The stretch wanted below opens at the line containing "by rewrite mul0r." and closes at the line containing "Lemma eq_contr X". Please return it exactly, with no other lines.

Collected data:

[Start of section]

Lemma kform_sym (GT : G^T = G) x y : kform G x y = kform G y x.
Proof.
rewrite /kform -[in LHS](trmxK (x *m G *m y^T)) [in LHS]mxE.
by rewrite !trmx_mul trmxK GT mulmxA.
Qed.

Lemma real_root_norm n (sr : 'I_n -> 'rV[R]_k) :
  G^T = G -> (forall i, kform G (sr i) (sr i) = 2) ->
  forall x, real_root G sr x -> kform G x x = 2.
Proof.
move=> GT hs x; elim=> [i | i b _ IH] //.
rewrite /refl kformDl !kformDr !kformNl !kformNr !kformZl !kformZr IH hs.
by rewrite (kform_sym GT (sr i) b); ring.
Qed.

End Kform.

Lemma lbr_suml (B : nzRingType) (I : Type) (r : seq I) (P : pred I) (F : I -> B) y :
  lbr (\sum_(i <- r | P i) F i) y = \sum_(i <- r | P i) lbr (F i) y.
Proof. by rewrite /lbr mulr_sumr mulr_suml -sumrB. Qed.

Lemma lbr_sumr (B : nzRingType) (I : Type) (r : seq I) (P : pred I) x (F : I -> B) :
  lbr x (\sum_(i <- r | P i) F i) = \sum_(i <- r | P i) lbr x (F i).
Proof. by rewrite /lbr mulr_sumr mulr_suml -sumrB. Qed.

Lemma lbrZl (R : pzRingType) (B : algType R) s (x y : B) : lbr (s *: x) y = s *: lbr x y.
Proof. by rewrite /lbr -scalerAr -scalerAl -scalerBr. Qed.

Lemma lbrZr (R : pzRingType) (B : algType R) s (x y : B) : lbr x (s *: y) = s *: lbr x y.
Proof. by rewrite /lbr -scalerAr -scalerAl -scalerBr. Qed.

Lemma lbrBr (B : nzRingType) (x y z : B) : lbr x (y - z) = lbr x y - lbr x z.
Proof.
by rewrite /lbr mulrBr mulrBl !opprB [RHS]addrACA [LHS]addrACA [- (x * z) + _]addrC.
Qed.

Lemma lbrMr (B : nzRingType) (x y z : B) : lbr x (y * z) = lbr x y * z + y * lbr x z.
Proof. by rewrite /lbr mulrBl mulrBr !mulrA addrA subrK. Qed.

Lemma scalemx_mul (R : comNzRingType) m n p a b (A : 'M[R]_(m, n)) (B : 'M[R]_(n, p)) :
  (a *: A) *m (b *: B) = (a * b) *: (A *m B).
Proof. by rewrite -scalemxAl -scalemxAr scalerA. Qed.

Lemma sum_delta (R : pzSemiRingType) (T : finType) (p : T) (F : T -> R) :
  \sum_x (x == p)%:R * F x = F p.
Proof.
rewrite (bigD1 p) //= eqxx mul1r big1 ?addr0 // => x /negbTE ->.
by rewrite mul0r.
Qed.

Lemma sum_pair (T1 T2 : finType) (V : nmodType) (F : T1 * T2 -> V) :
  \sum_p F p = \sum_a \sum_b F (a, b).
Proof. by rewrite (pair_bigA _ (fun a b => F (a, b))); apply: eq_bigr => -[a b]. Qed.

Lemma sum_triple (T1 T2 T3 : finType) (V : nmodType) (F : T1 * T2 * T3 -> V) :
  \sum_x F x = \sum_a \sum_b \sum_c F (a, b, c).
Proof. by rewrite sum_pair (sum_pair (fun p => \sum_c F (p, c))). Qed.

Lemma sum_pair_mul (R : comPzRingType) (T1 T2 : finType)
    (f : T1 -> T1 -> R) (g : T2 -> T2 -> R) :
  \sum_(x : T1 * T2) \sum_(y : T1 * T2) f x.1 y.1 * g x.2 y.2
  = (\sum_x1 \sum_y1 f x1 y1) * (\sum_x2 \sum_y2 g x2 y2).
Proof.
rewrite sum_pair mulr_suml; apply: eq_bigr => x1 _.
under eq_bigr => x2 _ do rewrite sum_pair.
rewrite mulr_suml exchange_big; apply: eq_bigr => y1 _.
rewrite mulr_sumr; apply: eq_bigr => x2 _.
by rewrite mulr_sumr.
Qed.

Section FourTensors.
Variables (R : comNzRingType) (k : nat) (G : 'M[R]_k).

Definition tensor4 := 'I_k -> 'I_k -> 'I_k -> 'I_k -> R.

Definition kron (P Q : 'M[R]_k) : tensor4 := fun a b c d => P a c * Q b d.
Definition kron_swap (P Q : 'M[R]_k) : tensor4 := fun a b c d => P a d * Q b c.
Definition tadd (X Y : tensor4) : tensor4 := fun a b c d => X a b c d + Y a b c d.
Definition tscale (s : R) (X : tensor4) : tensor4 := fun a b c d => s * X a b c d.

Definition sym_first (X : tensor4) := forall a b c d, X b a c d = X a b c d.
Definition sym_pairs (X : tensor4) := forall a b c d, X c d a b = X a b c d.

Lemma eq_contr X X' Y Y' :
  (forall a b c d, X a b c d = X' a b c d) -> (forall a b c d, Y a b c d = Y' a b c d) ->
  forall a b c d, contr G X Y a b c d = contr G X' Y' a b c d.
Proof.
move=> eX eY a b c d; do 4 (apply: eq_bigr => ? _).
by rewrite eX eY.
Qed.

Lemma contr_sym_first X Y : sym_first X -> sym_first (contr G X Y).
Proof. by move=> sX a b c d; do 4 (apply: eq_bigr => ? _); rewrite sX. Qed.

Lemma contrDl X1 X2 Y a b c d :
  contr G (tadd X1 X2) Y a b c d = contr G X1 Y a b c d + contr G X2 Y a b c d.
Proof.
rewrite -big_split; apply: eq_bigr => e _; rewrite -big_split; apply: eq_bigr => f _.
rewrite -big_split; apply: eq_bigr => g _; rewrite -big_split; apply: eq_bigr => h _.
by rewrite /tadd !mulrDl.
Qed.

Lemma contrDr X Y1 Y2 a b c d :
  contr G X (tadd Y1 Y2) a b c d = contr G X Y1 a b c d + contr G X Y2 a b c d.
Proof.
rewrite -big_split; apply: eq_bigr => e _; rewrite -big_split; apply: eq_bigr => f _.
rewrite -big_split; apply: eq_bigr => g _; rewrite -big_split; apply: eq_bigr => h _.
by rewrite /tadd mulrDr.
Qed.

Lemma contrZl s X Y a b c d : contr G (tscale s X) Y a b c d = s * contr G X Y a b c d.
Proof.
rewrite mulr_sumr; apply: eq_bigr => e _; rewrite mulr_sumr; apply: eq_bigr => f _.
rewrite mulr_sumr; apply: eq_bigr => g _; rewrite mulr_sumr; apply: eq_bigr => h _.
by rewrite /tscale !mulrA.
Qed.

Lemma contrZr s X Y a b c d : contr G X (tscale s Y) a b c d = s * contr G X Y a b c d.
Proof.
rewrite mulr_sumr; apply: eq_bigr => e _; rewrite mulr_sumr; apply: eq_bigr => f _.
rewrite mulr_sumr; apply: eq_bigr => g _; rewrite mulr_sumr; apply: eq_bigr => h _.
by rewrite /tscale; ring.
Qed.

Lemma mulmx3E (P Q S : 'M[R]_k) i j :
  (P *m Q *m S) i j = \sum_(e < k) \sum_(g < k) P i e * Q e g * S g j.
Proof.
rewrite mxE exchange_big; apply: eq_bigr => g _.
by rewrite mxE mulr_suml.
Qed.

Lemma sum4_mul (F1 F2 : 'I_k -> 'I_k -> R) :
  \sum_(e < k) \sum_(f < k) \sum_(g < k) \sum_(h < k) F1 e g * F2 f h =
  (\sum_(e < k) \sum_(g < k) F1 e g) * (\sum_(f < k) \sum_(h < k) F2 f h).
Proof.
rewrite mulr_suml; apply: eq_bigr => e _.
rewrite mulr_suml exchange_big; apply: eq_bigr => f _.
rewrite mulr_sumr; apply: eq_bigr => g _.
by rewrite mulr_sumr.
Qed.

Lemma contr_kron_kron P Q S T a b c d :
  contr G (kron P Q) (kron S T) a b c d = kron (P *m G *m S) (Q *m G *m T) a b c d.
Proof.
rewrite /contr /kron !mulmx3E -sum4_mul.
by do 4 (apply: eq_bigr => ? _); ring.
Qed.

Lemma contr_kron_swap P Q S T a b c d :
  contr G (kron P Q) (kron_swap S T) a b c d
  = kron_swap (P *m G *m S) (Q *m G *m T) a b c d.
Proof.
rewrite /contr /kron /kron_swap !mulmx3E -sum4_mul.
by do 4 (apply: eq_bigr => ? _); ring.
Qed.

Lemma contr_swap_kron P Q S T a b c d :
  contr G (kron_swap P Q) (kron S T) a b c d
  = kron_swap (P *m G *m T) (Q *m G *m S) a b c d.
Proof.
rewrite /contr /kron /kron_swap !mulmx3E mulrC -sum4_mul.
by do 4 (apply: eq_bigr => ? _); ring.
Qed.

Lemma contr_swap_swap P Q S T a b c d :
  contr G (kron_swap P Q) (kron_swap S T) a b c d
  = kron (P *m G *m T) (Q *m G *m S) a b c d.
Proof.
rewrite /contr /kron /kron_swap !mulmx3E mulrC -sum4_mul.
by do 4 (apply: eq_bigr => ? _); ring.
Qed.

End FourTensors.

Section RootTensor.
Variables (R : numFieldType) (k : nat) (G H : 'M[R]_k).
Hypothesis (GT : G^T = G) (mulHG : H *m G = 1%:M) (mulGH : G *m H = 1%:M).

Definition dyad (x : 'rV[R]_k) := x^T *m x.

(* The tensor X(x) of Defs with H in place of G^-1; [dyad x] has entries x_a x_b. *)
Definition root_tensor (x : 'rV[R]_k) : tensor4 R k :=
  let u := dyad x in
  tadd (tscale 2^-1 (kron u u))
  (tadd (tscale (- 4^-1)
     (tadd (tadd (kron_swap u H) (kron H u)) (tadd (kron u H) (kron_swap H u))))
  (tscale 8^-1 (tadd (kron H H) (kron_swap H H)))).

Lemma dyad_mul x y : dyad x *m G *m dyad y = kform G x y *: (x^T *m y).
Proof.
rewrite /dyad /kform.
have -> : x^T *m x *m G *m (y^T *m y) = x^T *m (x *m G *m y^T) *m y by rewrite !mulmxA.
set s := x *m G *m y^T.
by rewrite [in LHS](mx11_scalar s) mul_mx_scalar -scalemxAl.
Qed.

Lemma mulmxGH (P : 'M[R]_k) : P *m G *m H = P. Proof. by rewrite -mulmxA mulGH mulmx1. Qed.
Lemma mulmxHG (P : 'M[R]_k) : H *m G *m P = P. Proof. by rewrite mulHG mul1mx. Qed.

Ltac expand_contr hyps :=
  rewrite /root_tensor !(contrDl, contrDr, contrZl, contrZr);
  rewrite !(contr_kron_kron, contr_kron_swap, contr_swap_kron, contr_swap_swap);
  rewrite !(mulmxGH, mulmxHG, dyad_mul) !hyps /tadd /tscale /kron /kron_swap /dyad;
  rewrite !(mxE, big_ord1).

Lemma contr_root_tensor_orth x y :
  kform G x x = 2 -> kform G y y = 2 -> kform G x y = 0 -> forall a b c d,
  contr G (root_tensor x) (root_tensor y) a b c d
  = contr G (root_tensor y) (root_tensor x) a b c d.
Proof.
move=> hxx hyy hxy a b c d.
have hyx : kform G y x = 0 by rewrite (kform_sym GT).
expand_contr (hxx, hyy, hxy, hyx).
by field.
Qed.

Lemma dyad_opp x : dyad (- x) = dyad x.
Proof. by rewrite /dyad [(- x)^T]raddfN mulNmx mulmxN opprK. Qed.

Lemma root_tensor_opp x : root_tensor (- x) = root_tensor x.
Proof. by rewrite /root_tensor dyad_opp. Qed.

Lemma contr_root_tensor_sum x y :
  kform G x x = 2 -> kform G y y = 2 -> kform G x y = -1 -> forall a b c d,
  contr G (root_tensor x) (root_tensor y) a b c d
  + contr G (root_tensor y) (root_tensor x) a b c d
  = 2^-1 * root_tensor (x + y) a b c d.
Proof.
move=> hxx hyy hxy a b c d.
have hyx : kform G y x = -1 by rewrite (kform_sym GT).
expand_contr (hxx, hyy, hxy, hyx).
by field.
Qed.

Lemma contr_root_tensor_diff x y :
  kform G x x = 2 -> kform G y y = 2 -> kform G x y = 1 -> forall a b c d,
  contr G (root_tensor x) (root_tensor y) a b c d
  + contr G (root_tensor y) (root_tensor x) a b c d
  = 2^-1 * root_tensor (x - y) a b c d.
Proof.
move=> hxx hyy hxy a b c d; rewrite -(root_tensor_opp y) contr_root_tensor_sum //.
- by rewrite kformNr kformNl opprK.
- by rewrite kformNr hxy.
Qed.

End RootTensor.

Section RootTensorXt.
Variables (R : numFieldType) (k : nat) (G : 'M[R]_k).
Hypothesis (GT : G^T = G) (Gu : G \in unitmx).

Lemma invmx_sym i j : invmx G i j = invmx G j i.
Proof. by rewrite -[in LHS]GT -trmx_inv mxE. Qed.

Lemma XtE x a b c d : Xt G x a b c d = root_tensor (invmx G) x a b c d.
Proof.
rewrite /Xt /root_tensor /tadd /tscale /kron /kron_swap /dyad !(mxE, big_ord1).
rewrite (invmx_sym d b) (invmx_sym c b).
by field.
Qed.

Lemma Xt_sym_first x : sym_first (Xt G x).
Proof.
move=> a b c d; rewrite /Xt /=.
rewrite (invmx_sym d a) (invmx_sym c a) (invmx_sym d b) (invmx_sym c b); ring.
Qed.

Lemma Xt_sym_pairs x : sym_pairs (Xt G x).
Proof.
move=> a b c d; rewrite /Xt /=.
rewrite (invmx_sym c a) (invmx_sym d b) (invmx_sym c b) (invmx_sym d a); ring.
Qed.

Let mulVG := mulVmx Gu.
Let mulGV := mulmxV Gu.

Lemma contr_Xt_orth x y :
  kform G x x = 2 -> kform G y y = 2 -> kform G x y = 0 -> forall a b c d,
  contr G (Xt G x) (Xt G y) a b c d = contr G (Xt G y) (Xt G x) a b c d.
Proof.
move=> hxx hyy hxy a b c d.
rewrite (eq_contr G (XtE x) (XtE y)) (eq_contr G (XtE y) (XtE x)).
by apply: (contr_root_tensor_orth GT mulVG mulGV).
Qed.

Lemma contr_Xt_sum x y :
  kform G x x = 2 -> kform G y y = 2 -> kform G x y = -1 -> forall a b c d,
  contr G (Xt G x) (Xt G y) a b c d + contr G (Xt G y) (Xt G x) a b c d
  = 2^-1 * Xt G (x + y) a b c d.
Proof.
move=> hxx hyy hxy a b c d.
rewrite (eq_contr G (XtE x) (XtE y)) (eq_contr G (XtE y) (XtE x)) XtE.
by apply: (contr_root_tensor_sum GT mulVG mulGV).
Qed.

Lemma contr_Xt_diff x y :
  kform G x x = 2 -> kform G y y = 2 -> kform G x y = 1 -> forall a b c d,
  contr G (Xt G x) (Xt G y) a b c d + contr G (Xt G y) (Xt G x) a b c d
  = 2^-1 * Xt G (x - y) a b c d.
Proof.
move=> hxx hyy hxy a b c d.
rewrite (eq_contr G (XtE x) (XtE y)) (eq_contr G (XtE y) (XtE x)) XtE.
by apply: (contr_root_tensor_diff GT mulVG mulGV).
Qed.

Lemma Xt_opp x a b c d : Xt G (- x) a b c d = Xt G x a b c d.
Proof. by rewrite /Xt /= !mxE; ring. Qed.

Lemma contr_Xt_nested x y :
  kform G x x = 2 -> kform G y y = 2 -> kform G x y = -1 -> forall a b c d,
  let C1 := contr G (Xt G x) (Xt G y) in let C2 := contr G (Xt G y) (Xt G x) in
  4 * (contr G (Xt G x) C1 a b c d + contr G C1 (Xt G x) a b c d
       + contr G (Xt G x) C2 a b c d + contr G C2 (Xt G x) a b c d)
  = Xt G y a b c d.
Proof.
move=> hxx hyy hxy a b c d C1 C2.
have C12 a' b' c' d' : tadd C1 C2 a' b' c' d' = tscale 2^-1 (Xt G (x + y)) a' b' c' d'.
  by rewrite /tadd /tscale /C1 /C2 contr_Xt_sum.
have hx_xy : kform G x (x + y) = 1 by rewrite kformDr hxx hxy; ring.
have hxy_xy : kform G (x + y) (x + y) = 2.
  by rewrite kformDl !kformDr hxx hyy hxy (kform_sym GT y x) hxy; ring.
have := contr_Xt_diff hxx hxy_xy hx_xy a b c d.
rewrite opprD addrA subrr add0r Xt_opp => hone.
have e1 : contr G (Xt G x) C1 a b c d + contr G (Xt G x) C2 a b c d
          = 2^-1 * contr G (Xt G x) (Xt G (x + y)) a b c d.
  by rewrite -contrDr -contrZr; apply: eq_contr.
have e2 : contr G C1 (Xt G x) a b c d + contr G C2 (Xt G x) a b c d
          = 2^-1 * contr G (Xt G (x + y)) (Xt G x) a b c d.
  by rewrite -contrDl -contrZl; apply: eq_contr.
transitivity (4 * ((contr G (Xt G x) C1 a b c d + contr G (Xt G x) C2 a b c d)
                 + (contr G C1 (Xt G x) a b c d + contr G C2 (Xt G x) a b c d))).
  by ring.
by rewrite e1 e2 -mulrDr hone; field.
Qed.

[End of section]

» **Answer space**
by rewrite mul0r.
Qed.

Lemma sum_pair (T1 T2 : finType) (V : nmodType) (F : T1 * T2 -> V) :
  \sum_p F p = \sum_a \sum_b F (a, b).
Proof. by rewrite (pair_bigA _ (fun a b => F (a, b))); apply: eq_bigr => -[a b]. Qed.

Lemma sum_triple (T1 T2 T3 : finType) (V : nmodType) (F : T1 * T2 * T3 -> V) :
  \sum_x F x = \sum_a \sum_b \sum_c F (a, b, c).
Proof. by rewrite sum_pair (sum_pair (fun p => \sum_c F (p, c))). Qed.

Lemma sum_pair_mul (R : comPzRingType) (T1 T2 : finType)
    (f : T1 -> T1 -> R) (g : T2 -> T2 -> R) :
  \sum_(x : T1 * T2) \sum_(y : T1 * T2) f x.1 y.1 * g x.2 y.2
  = (\sum_x1 \sum_y1 f x1 y1) * (\sum_x2 \sum_y2 g x2 y2).
Proof.
rewrite sum_pair mulr_suml; apply: eq_bigr => x1 _.
under eq_bigr => x2 _ do rewrite sum_pair.
rewrite mulr_suml exchange_big; apply: eq_bigr => y1 _.
rewrite mulr_sumr; apply: eq_bigr => x2 _.
by rewrite mulr_sumr.
Qed.

Section FourTensors.
Variables (R : comNzRingType) (k : nat) (G : 'M[R]_k).

Definition tensor4 := 'I_k -> 'I_k -> 'I_k -> 'I_k -> R.

Definition kron (P Q : 'M[R]_k) : tensor4 := fun a b c d => P a c * Q b d.
Definition kron_swap (P Q : 'M[R]_k) : tensor4 := fun a b c d => P a d * Q b c.
Definition tadd (X Y : tensor4) : tensor4 := fun a b c d => X a b c d + Y a b c d.
Definition tscale (s : R) (X : tensor4) : tensor4 := fun a b c d => s * X a b c d.

Definition sym_first (X : tensor4) := forall a b c d, X b a c d = X a b c d.
Definition sym_pairs (X : tensor4) := forall a b c d, X c d a b = X a b c d.

Lemma eq_contr X X' Y Y' :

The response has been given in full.